#### Records for this task
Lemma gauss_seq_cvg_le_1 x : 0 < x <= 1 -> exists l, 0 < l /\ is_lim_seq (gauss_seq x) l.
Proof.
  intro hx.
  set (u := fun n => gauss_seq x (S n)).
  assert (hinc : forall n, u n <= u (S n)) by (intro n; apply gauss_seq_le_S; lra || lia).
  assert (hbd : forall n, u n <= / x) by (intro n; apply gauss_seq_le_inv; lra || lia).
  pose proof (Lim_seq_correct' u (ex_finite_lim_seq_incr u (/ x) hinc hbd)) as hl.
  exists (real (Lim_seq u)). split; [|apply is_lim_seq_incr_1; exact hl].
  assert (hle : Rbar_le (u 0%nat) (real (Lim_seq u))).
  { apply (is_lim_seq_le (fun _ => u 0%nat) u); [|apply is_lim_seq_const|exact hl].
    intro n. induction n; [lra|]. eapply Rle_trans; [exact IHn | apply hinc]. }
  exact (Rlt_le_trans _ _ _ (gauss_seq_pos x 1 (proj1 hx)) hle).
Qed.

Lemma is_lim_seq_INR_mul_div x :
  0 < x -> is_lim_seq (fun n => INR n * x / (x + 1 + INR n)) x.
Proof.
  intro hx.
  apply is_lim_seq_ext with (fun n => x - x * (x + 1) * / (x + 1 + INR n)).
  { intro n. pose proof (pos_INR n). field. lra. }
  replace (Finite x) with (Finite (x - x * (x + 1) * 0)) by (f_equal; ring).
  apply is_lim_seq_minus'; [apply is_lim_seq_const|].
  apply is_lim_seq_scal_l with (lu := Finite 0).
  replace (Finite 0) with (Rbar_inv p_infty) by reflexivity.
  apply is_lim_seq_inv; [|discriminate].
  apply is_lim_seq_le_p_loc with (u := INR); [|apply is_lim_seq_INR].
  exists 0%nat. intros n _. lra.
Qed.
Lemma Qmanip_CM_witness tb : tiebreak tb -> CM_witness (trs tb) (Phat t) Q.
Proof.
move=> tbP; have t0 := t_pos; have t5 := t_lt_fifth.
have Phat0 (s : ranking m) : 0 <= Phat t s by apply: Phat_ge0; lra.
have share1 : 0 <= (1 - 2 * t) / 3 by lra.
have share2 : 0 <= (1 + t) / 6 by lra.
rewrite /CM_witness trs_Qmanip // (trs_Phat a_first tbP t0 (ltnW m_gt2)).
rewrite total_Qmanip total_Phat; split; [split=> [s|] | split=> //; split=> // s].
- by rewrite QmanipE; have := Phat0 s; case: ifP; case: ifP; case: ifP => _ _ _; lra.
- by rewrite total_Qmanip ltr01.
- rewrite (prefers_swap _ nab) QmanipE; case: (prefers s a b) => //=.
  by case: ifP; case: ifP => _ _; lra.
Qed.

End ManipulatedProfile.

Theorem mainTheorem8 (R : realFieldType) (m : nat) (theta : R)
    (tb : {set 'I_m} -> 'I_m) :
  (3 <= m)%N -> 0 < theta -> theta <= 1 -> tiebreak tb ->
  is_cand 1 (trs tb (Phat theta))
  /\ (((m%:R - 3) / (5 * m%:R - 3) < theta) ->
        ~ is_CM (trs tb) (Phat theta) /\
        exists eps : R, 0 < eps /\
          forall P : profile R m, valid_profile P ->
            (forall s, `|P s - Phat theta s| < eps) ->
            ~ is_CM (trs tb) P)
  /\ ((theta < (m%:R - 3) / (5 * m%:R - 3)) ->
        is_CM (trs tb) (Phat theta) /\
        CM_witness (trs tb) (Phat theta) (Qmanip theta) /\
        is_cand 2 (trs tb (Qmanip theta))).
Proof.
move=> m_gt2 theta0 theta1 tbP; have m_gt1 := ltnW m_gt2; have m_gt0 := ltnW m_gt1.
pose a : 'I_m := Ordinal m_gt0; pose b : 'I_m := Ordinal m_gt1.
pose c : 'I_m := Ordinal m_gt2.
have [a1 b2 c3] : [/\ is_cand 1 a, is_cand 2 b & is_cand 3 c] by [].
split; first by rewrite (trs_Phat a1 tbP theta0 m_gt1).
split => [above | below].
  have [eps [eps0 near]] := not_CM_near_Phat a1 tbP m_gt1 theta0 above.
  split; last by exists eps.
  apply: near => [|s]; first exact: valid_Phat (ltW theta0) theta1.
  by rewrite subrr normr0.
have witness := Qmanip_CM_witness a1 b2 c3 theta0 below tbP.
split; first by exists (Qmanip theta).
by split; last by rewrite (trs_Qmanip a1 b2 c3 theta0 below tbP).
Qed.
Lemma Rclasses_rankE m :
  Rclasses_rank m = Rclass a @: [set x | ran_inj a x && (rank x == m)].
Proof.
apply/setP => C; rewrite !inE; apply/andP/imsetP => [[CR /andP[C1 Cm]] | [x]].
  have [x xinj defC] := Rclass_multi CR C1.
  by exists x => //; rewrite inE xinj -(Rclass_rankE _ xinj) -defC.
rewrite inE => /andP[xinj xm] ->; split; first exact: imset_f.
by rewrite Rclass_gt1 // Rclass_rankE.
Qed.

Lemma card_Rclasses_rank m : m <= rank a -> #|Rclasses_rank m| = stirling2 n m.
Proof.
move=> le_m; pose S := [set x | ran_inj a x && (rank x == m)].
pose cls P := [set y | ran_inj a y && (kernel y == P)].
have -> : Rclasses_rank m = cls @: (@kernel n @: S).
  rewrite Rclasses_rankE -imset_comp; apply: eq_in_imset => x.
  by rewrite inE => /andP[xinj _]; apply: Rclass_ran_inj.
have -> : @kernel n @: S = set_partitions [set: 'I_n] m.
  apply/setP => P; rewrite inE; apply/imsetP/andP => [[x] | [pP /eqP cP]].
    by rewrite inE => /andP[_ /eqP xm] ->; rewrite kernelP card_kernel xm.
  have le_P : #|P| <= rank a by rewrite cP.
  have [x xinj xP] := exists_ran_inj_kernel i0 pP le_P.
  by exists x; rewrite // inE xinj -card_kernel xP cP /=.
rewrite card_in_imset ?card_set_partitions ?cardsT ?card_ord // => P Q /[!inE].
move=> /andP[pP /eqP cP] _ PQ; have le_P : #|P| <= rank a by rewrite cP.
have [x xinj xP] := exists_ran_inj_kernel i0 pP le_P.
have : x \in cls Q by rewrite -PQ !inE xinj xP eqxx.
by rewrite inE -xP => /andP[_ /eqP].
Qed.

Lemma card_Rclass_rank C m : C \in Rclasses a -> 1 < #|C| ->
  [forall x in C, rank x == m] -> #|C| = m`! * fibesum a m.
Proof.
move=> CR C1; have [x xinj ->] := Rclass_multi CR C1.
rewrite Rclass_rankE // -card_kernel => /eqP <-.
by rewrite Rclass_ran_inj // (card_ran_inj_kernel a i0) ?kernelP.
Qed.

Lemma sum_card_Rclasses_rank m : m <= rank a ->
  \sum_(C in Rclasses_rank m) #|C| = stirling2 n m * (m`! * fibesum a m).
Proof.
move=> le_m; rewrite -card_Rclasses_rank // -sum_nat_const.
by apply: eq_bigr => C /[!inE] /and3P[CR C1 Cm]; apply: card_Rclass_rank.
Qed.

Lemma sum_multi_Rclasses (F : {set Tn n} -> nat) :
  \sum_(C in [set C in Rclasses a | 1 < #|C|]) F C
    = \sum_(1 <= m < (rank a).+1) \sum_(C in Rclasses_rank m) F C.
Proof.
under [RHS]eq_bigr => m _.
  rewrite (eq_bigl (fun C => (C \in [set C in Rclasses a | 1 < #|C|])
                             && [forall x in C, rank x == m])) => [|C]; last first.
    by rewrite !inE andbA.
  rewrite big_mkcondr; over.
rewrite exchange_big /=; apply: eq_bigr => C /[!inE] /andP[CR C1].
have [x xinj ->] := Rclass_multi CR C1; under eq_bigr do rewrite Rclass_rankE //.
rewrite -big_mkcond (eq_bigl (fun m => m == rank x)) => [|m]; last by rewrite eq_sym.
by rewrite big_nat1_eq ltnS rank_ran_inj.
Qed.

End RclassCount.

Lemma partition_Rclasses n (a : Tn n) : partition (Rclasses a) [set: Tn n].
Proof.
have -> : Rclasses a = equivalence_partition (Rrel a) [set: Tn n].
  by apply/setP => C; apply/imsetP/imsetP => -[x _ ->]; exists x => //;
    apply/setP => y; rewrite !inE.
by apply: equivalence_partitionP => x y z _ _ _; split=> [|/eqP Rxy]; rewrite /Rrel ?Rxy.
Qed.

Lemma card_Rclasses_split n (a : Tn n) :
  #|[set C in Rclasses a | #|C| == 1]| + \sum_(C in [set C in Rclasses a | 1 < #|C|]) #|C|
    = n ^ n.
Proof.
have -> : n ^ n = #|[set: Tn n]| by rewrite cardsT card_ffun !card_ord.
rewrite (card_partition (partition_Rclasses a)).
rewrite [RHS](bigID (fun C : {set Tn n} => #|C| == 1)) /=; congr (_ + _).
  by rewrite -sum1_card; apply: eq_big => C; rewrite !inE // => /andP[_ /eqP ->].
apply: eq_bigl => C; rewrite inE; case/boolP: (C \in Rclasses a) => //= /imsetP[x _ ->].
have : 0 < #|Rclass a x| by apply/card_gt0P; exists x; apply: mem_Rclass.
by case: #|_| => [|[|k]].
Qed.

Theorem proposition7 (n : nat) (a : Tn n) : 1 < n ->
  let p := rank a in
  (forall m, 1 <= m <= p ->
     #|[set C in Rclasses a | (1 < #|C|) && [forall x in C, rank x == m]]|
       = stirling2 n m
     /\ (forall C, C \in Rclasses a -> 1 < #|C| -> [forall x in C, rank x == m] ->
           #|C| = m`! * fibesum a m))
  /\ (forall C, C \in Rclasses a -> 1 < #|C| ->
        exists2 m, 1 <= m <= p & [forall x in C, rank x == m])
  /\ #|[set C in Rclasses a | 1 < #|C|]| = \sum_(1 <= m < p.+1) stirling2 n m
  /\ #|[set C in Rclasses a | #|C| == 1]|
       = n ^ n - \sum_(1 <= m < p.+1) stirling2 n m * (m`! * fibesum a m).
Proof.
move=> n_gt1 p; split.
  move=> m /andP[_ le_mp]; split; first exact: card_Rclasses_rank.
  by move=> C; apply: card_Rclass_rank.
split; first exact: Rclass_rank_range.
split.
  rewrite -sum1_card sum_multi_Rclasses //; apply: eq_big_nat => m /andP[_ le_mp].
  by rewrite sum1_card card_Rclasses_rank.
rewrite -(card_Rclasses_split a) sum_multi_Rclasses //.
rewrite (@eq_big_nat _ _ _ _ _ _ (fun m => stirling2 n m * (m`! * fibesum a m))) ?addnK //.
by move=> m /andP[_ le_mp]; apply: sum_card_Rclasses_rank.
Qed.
########
What this task involves. Nothing but the lines above from the one containing "Lemma card_Rclasses_rank m" through the one containing "Lemma card_Rclass_rank C" should appear in the answer, each repeated exactly.

Your solution.
Lemma card_Rclasses_rank m : m <= rank a -> #|Rclasses_rank m| = stirling2 n m.
Proof.
move=> le_m; pose S := [set x | ran_inj a x && (rank x == m)].
pose cls P := [set y | ran_inj a y && (kernel y == P)].
have -> : Rclasses_rank m = cls @: (@kernel n @: S).
  rewrite Rclasses_rankE -imset_comp; apply: eq_in_imset => x.
  by rewrite inE => /andP[xinj _]; apply: Rclass_ran_inj.
have -> : @kernel n @: S = set_partitions [set: 'I_n] m.
  apply/setP => P; rewrite inE; apply/imsetP/andP => [[x] | [pP /eqP cP]].
    by rewrite inE => /andP[_ /eqP xm] ->; rewrite kernelP card_kernel xm.
  have le_P : #|P| <= rank a by rewrite cP.
  have [x xinj xP] := exists_ran_inj_kernel i0 pP le_P.
  by exists x; rewrite // inE xinj -card_kernel xP cP /=.
rewrite card_in_imset ?card_set_partitions ?cardsT ?card_ord // => P Q /[!inE].
move=> /andP[pP /eqP cP] _ PQ; have le_P : #|P| <= rank a by rewrite cP.
have [x xinj xP] := exists_ran_inj_kernel i0 pP le_P.
have : x \in cls Q by rewrite -PQ !inE xinj xP eqxx.
by rewrite inE -xP => /andP[_ /eqP].
Qed.

Lemma card_Rclass_rank C m : C \in Rclasses a -> 1 < #|C| ->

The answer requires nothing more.